Problem:
Below this sentence is a listing; return exactly its lines from the one with "mfunctional r = \sum_(m <- s) r@_m * w m." to the one with "HB.instance Definition _", both kept, and nothing more.

Data for review:
• • •

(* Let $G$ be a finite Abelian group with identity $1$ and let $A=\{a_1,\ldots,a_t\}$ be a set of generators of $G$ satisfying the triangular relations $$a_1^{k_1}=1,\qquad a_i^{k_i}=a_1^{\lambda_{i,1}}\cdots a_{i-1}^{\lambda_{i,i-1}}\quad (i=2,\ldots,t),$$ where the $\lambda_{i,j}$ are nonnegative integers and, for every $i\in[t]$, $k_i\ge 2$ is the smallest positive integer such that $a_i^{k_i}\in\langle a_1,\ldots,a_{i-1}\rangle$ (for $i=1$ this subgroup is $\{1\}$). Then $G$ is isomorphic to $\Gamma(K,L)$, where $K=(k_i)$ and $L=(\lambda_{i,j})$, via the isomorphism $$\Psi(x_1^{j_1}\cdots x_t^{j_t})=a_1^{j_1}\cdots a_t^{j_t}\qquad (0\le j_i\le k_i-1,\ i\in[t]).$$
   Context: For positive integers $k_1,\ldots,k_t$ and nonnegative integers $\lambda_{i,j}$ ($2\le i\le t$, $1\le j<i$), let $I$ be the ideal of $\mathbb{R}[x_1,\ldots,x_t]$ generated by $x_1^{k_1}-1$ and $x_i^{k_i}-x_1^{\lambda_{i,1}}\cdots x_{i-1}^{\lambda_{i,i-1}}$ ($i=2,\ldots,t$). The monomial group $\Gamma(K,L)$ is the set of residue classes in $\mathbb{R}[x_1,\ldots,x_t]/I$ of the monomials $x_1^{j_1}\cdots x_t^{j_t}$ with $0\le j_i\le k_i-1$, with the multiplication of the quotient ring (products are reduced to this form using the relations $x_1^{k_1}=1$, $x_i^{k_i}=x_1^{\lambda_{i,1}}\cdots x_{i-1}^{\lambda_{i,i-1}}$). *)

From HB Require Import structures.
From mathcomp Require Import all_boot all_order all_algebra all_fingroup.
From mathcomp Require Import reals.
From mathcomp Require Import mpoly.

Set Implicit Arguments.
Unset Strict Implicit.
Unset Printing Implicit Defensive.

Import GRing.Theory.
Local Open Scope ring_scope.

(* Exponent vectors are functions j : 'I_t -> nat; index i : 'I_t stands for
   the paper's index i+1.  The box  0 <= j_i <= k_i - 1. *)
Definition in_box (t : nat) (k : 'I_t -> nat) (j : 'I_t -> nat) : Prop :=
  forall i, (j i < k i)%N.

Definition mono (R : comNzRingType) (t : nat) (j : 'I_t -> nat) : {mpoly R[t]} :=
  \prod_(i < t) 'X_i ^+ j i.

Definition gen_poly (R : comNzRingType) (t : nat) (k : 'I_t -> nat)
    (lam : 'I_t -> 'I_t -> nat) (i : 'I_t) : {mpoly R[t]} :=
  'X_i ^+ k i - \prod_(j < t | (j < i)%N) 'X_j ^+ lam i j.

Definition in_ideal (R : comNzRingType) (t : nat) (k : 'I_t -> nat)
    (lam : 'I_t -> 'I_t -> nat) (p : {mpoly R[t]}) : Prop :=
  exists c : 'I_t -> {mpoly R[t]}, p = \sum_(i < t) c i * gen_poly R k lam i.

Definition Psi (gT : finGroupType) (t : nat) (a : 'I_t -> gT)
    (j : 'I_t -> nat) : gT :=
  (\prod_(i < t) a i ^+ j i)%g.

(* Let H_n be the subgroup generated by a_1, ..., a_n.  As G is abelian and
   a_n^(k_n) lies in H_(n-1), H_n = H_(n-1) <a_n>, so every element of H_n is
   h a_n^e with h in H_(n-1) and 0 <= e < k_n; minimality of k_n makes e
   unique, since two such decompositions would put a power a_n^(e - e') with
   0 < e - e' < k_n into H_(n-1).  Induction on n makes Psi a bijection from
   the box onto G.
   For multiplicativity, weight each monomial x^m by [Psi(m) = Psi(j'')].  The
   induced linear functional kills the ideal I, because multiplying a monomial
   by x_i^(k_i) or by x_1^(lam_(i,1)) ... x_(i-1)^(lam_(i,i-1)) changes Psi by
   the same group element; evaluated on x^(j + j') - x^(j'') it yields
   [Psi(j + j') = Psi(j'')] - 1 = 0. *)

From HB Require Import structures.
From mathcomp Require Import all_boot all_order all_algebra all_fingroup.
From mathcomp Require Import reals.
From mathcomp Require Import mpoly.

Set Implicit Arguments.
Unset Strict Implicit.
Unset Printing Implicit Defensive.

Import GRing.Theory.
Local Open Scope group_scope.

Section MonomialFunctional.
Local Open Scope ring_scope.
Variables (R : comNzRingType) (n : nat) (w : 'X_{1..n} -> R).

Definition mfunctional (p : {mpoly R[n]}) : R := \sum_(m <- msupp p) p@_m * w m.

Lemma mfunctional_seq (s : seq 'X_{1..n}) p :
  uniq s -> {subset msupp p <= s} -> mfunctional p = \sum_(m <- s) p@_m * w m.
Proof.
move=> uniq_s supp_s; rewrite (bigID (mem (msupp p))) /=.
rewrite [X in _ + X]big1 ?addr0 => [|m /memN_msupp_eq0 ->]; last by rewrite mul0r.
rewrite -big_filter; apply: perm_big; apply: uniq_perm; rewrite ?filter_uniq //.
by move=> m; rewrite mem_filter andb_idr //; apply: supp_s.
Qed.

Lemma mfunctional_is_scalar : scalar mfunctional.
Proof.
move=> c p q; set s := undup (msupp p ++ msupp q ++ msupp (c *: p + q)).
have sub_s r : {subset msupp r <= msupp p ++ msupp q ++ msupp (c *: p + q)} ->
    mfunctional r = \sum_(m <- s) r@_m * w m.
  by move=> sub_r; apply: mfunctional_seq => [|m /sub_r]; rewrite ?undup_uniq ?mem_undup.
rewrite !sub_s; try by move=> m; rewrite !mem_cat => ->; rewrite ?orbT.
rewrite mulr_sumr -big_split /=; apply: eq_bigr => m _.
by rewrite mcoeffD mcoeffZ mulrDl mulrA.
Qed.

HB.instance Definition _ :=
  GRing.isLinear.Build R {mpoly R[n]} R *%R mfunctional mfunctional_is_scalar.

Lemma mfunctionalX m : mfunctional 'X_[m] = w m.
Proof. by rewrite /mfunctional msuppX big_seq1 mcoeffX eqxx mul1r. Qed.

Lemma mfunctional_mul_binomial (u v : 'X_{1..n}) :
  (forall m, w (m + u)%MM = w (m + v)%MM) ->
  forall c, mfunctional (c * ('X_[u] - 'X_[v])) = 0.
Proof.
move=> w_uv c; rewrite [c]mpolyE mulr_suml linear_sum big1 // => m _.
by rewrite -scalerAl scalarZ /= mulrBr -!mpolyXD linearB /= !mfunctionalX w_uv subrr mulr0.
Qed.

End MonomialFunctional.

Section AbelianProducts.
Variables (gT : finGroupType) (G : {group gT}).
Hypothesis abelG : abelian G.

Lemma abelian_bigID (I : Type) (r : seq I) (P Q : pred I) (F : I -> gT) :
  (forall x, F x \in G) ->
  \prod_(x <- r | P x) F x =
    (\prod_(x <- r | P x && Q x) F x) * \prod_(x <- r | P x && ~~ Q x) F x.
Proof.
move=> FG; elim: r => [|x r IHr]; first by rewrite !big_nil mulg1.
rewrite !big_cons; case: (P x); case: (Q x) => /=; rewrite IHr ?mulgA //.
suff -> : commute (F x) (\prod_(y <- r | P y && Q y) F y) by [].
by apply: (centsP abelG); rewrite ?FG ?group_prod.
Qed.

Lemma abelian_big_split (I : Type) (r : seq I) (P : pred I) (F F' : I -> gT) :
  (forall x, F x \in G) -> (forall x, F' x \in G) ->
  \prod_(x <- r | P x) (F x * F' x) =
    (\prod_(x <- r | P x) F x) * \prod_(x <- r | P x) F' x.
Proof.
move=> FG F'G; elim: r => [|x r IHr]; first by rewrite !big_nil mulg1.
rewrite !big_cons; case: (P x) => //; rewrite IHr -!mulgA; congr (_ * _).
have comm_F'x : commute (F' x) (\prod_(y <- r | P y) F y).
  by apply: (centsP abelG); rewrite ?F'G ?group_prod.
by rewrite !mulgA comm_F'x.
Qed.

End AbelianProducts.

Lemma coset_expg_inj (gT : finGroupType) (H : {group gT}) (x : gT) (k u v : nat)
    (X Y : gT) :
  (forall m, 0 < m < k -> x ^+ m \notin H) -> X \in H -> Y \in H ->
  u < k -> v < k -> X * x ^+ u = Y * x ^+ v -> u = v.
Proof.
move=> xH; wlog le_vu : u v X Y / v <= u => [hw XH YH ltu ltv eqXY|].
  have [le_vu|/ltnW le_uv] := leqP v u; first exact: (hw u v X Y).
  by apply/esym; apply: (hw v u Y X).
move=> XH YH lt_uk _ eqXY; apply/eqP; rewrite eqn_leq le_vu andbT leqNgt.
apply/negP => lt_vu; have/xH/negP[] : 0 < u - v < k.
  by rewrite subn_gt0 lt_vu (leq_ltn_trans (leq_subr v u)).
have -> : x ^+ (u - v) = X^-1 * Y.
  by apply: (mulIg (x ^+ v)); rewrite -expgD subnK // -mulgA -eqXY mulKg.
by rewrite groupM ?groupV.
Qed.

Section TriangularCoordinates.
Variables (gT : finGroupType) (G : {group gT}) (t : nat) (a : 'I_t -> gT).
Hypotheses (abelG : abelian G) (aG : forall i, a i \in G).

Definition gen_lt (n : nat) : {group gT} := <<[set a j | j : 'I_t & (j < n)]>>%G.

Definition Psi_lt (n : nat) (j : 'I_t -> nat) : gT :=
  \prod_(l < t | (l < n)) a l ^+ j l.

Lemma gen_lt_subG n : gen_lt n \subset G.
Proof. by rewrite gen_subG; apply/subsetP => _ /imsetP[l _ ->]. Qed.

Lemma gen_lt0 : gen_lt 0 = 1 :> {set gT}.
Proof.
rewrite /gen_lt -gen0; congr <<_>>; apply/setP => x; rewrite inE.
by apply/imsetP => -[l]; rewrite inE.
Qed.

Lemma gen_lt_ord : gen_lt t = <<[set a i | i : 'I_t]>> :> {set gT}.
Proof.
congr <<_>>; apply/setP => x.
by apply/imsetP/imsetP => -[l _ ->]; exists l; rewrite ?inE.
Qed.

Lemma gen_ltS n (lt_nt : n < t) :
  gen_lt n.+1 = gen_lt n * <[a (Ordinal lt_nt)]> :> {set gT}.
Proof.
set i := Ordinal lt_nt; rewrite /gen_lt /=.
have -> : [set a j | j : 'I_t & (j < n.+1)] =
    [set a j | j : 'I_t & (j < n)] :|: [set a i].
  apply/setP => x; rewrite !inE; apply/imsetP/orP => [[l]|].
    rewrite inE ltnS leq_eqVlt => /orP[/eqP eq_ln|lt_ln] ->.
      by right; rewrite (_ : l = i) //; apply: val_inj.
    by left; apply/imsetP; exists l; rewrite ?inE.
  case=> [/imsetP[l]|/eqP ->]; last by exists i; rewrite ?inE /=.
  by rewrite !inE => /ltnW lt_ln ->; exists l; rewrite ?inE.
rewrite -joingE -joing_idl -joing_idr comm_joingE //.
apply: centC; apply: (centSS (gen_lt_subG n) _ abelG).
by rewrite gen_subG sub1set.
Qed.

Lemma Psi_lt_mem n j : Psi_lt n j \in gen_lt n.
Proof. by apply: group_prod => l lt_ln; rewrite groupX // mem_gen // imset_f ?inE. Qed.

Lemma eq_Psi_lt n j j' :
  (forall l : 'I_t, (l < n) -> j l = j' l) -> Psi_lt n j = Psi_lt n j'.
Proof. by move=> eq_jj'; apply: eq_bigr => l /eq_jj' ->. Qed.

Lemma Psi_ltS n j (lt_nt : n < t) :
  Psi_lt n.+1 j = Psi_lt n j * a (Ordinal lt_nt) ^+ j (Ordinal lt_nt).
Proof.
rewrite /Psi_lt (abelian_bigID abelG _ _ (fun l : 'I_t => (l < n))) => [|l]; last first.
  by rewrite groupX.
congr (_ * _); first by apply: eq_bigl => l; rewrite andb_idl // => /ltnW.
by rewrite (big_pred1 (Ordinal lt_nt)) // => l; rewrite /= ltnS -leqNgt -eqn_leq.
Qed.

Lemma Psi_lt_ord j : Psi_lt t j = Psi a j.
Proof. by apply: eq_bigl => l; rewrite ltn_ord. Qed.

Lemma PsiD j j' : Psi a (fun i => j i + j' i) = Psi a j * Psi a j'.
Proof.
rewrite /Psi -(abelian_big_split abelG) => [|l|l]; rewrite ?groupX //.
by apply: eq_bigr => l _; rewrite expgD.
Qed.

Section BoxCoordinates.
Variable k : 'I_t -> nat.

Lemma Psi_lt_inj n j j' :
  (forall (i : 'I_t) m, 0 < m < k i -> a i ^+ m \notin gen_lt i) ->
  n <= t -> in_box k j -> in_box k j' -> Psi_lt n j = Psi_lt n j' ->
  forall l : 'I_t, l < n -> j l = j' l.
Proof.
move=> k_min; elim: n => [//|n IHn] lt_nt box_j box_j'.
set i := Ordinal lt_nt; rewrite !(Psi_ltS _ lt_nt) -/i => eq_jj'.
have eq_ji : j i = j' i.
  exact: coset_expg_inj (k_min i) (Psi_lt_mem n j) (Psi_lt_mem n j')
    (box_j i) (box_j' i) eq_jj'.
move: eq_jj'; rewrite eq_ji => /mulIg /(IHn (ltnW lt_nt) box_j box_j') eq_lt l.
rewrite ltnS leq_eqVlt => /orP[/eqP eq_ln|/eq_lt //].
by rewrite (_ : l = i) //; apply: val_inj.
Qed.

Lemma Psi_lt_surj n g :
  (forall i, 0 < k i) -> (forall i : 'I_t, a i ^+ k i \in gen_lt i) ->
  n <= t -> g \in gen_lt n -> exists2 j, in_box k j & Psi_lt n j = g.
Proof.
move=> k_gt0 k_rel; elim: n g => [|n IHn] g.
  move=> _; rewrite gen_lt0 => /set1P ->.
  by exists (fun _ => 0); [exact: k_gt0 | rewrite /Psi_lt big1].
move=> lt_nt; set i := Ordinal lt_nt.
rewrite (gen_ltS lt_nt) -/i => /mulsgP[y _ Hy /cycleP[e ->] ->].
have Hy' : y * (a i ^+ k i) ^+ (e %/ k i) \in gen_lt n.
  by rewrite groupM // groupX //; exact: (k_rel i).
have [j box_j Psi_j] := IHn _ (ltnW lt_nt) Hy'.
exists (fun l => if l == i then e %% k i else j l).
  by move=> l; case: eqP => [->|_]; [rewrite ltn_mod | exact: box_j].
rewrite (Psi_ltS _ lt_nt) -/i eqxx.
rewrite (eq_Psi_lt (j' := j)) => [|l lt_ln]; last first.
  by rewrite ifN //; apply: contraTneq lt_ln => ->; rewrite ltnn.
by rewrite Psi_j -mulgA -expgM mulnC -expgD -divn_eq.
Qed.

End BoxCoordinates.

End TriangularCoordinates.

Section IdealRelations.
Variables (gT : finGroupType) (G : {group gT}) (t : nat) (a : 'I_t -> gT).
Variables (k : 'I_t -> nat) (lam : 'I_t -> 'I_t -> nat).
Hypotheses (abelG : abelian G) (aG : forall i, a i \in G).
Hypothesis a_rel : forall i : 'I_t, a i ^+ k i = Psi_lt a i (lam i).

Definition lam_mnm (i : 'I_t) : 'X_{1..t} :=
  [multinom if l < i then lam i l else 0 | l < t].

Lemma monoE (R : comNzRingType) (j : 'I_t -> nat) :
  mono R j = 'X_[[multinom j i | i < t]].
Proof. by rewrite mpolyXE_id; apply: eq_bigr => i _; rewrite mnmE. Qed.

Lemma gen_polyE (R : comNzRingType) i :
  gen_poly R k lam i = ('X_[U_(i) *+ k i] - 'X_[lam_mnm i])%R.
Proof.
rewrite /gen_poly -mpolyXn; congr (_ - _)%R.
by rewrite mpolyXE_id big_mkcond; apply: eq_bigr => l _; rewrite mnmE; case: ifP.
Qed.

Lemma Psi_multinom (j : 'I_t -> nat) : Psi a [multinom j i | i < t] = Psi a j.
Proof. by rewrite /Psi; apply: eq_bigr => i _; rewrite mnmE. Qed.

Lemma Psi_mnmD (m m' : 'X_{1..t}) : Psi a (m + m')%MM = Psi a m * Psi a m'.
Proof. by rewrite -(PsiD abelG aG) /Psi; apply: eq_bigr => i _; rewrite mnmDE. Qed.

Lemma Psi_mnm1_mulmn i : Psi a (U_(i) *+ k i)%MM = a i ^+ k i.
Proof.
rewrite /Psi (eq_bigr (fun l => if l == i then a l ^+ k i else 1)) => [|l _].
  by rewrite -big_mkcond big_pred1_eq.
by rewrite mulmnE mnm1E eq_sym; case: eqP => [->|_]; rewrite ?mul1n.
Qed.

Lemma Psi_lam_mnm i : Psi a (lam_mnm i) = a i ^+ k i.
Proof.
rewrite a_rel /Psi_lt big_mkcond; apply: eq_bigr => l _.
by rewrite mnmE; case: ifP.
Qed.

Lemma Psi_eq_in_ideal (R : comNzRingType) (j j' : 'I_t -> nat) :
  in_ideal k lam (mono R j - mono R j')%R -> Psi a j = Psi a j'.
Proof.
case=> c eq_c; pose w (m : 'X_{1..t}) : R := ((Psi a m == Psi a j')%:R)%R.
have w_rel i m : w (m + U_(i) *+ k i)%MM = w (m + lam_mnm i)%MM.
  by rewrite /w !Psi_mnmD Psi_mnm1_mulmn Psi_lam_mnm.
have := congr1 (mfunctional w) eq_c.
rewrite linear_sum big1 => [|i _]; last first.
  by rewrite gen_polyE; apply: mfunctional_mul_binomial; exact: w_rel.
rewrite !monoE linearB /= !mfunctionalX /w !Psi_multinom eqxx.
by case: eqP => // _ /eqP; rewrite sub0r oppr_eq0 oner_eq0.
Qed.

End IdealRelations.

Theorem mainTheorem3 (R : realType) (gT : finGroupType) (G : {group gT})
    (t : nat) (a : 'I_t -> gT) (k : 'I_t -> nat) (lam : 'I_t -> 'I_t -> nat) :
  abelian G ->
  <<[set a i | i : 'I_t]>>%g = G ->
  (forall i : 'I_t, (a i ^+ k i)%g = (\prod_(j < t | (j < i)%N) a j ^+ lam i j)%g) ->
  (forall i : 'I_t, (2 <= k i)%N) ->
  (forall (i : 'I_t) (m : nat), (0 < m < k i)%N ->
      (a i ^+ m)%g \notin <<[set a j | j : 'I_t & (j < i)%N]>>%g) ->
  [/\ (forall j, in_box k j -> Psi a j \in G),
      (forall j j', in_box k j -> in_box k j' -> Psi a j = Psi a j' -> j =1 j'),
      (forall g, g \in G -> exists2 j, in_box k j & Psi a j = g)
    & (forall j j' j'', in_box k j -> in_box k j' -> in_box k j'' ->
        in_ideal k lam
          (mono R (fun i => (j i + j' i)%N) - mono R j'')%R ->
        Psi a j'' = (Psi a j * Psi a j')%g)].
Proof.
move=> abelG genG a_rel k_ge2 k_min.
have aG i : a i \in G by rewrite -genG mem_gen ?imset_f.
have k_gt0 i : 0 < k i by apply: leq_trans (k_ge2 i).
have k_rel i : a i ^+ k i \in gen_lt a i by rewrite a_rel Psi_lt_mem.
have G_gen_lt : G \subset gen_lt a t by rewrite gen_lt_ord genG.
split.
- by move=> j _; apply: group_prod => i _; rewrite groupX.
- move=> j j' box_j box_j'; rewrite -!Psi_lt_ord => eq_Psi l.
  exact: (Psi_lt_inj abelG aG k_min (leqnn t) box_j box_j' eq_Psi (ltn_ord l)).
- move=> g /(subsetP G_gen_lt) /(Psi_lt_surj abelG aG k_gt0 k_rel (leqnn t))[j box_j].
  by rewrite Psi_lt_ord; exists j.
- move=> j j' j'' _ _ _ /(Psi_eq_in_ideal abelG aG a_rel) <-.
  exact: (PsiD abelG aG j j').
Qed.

• • •

Answer box:
    mfunctional r = \sum_(m <- s) r@_m * w m.
  by move=> sub_r; apply: mfunctional_seq => [|m /sub_r]; rewrite ?undup_uniq ?mem_undup.
rewrite !sub_s; try by move=> m; rewrite !mem_cat => ->; rewrite ?orbT.
rewrite mulr_sumr -big_split /=; apply: eq_bigr => m _.
by rewrite mcoeffD mcoeffZ mulrDl mulrA.
Qed.

HB.instance Definition _ :=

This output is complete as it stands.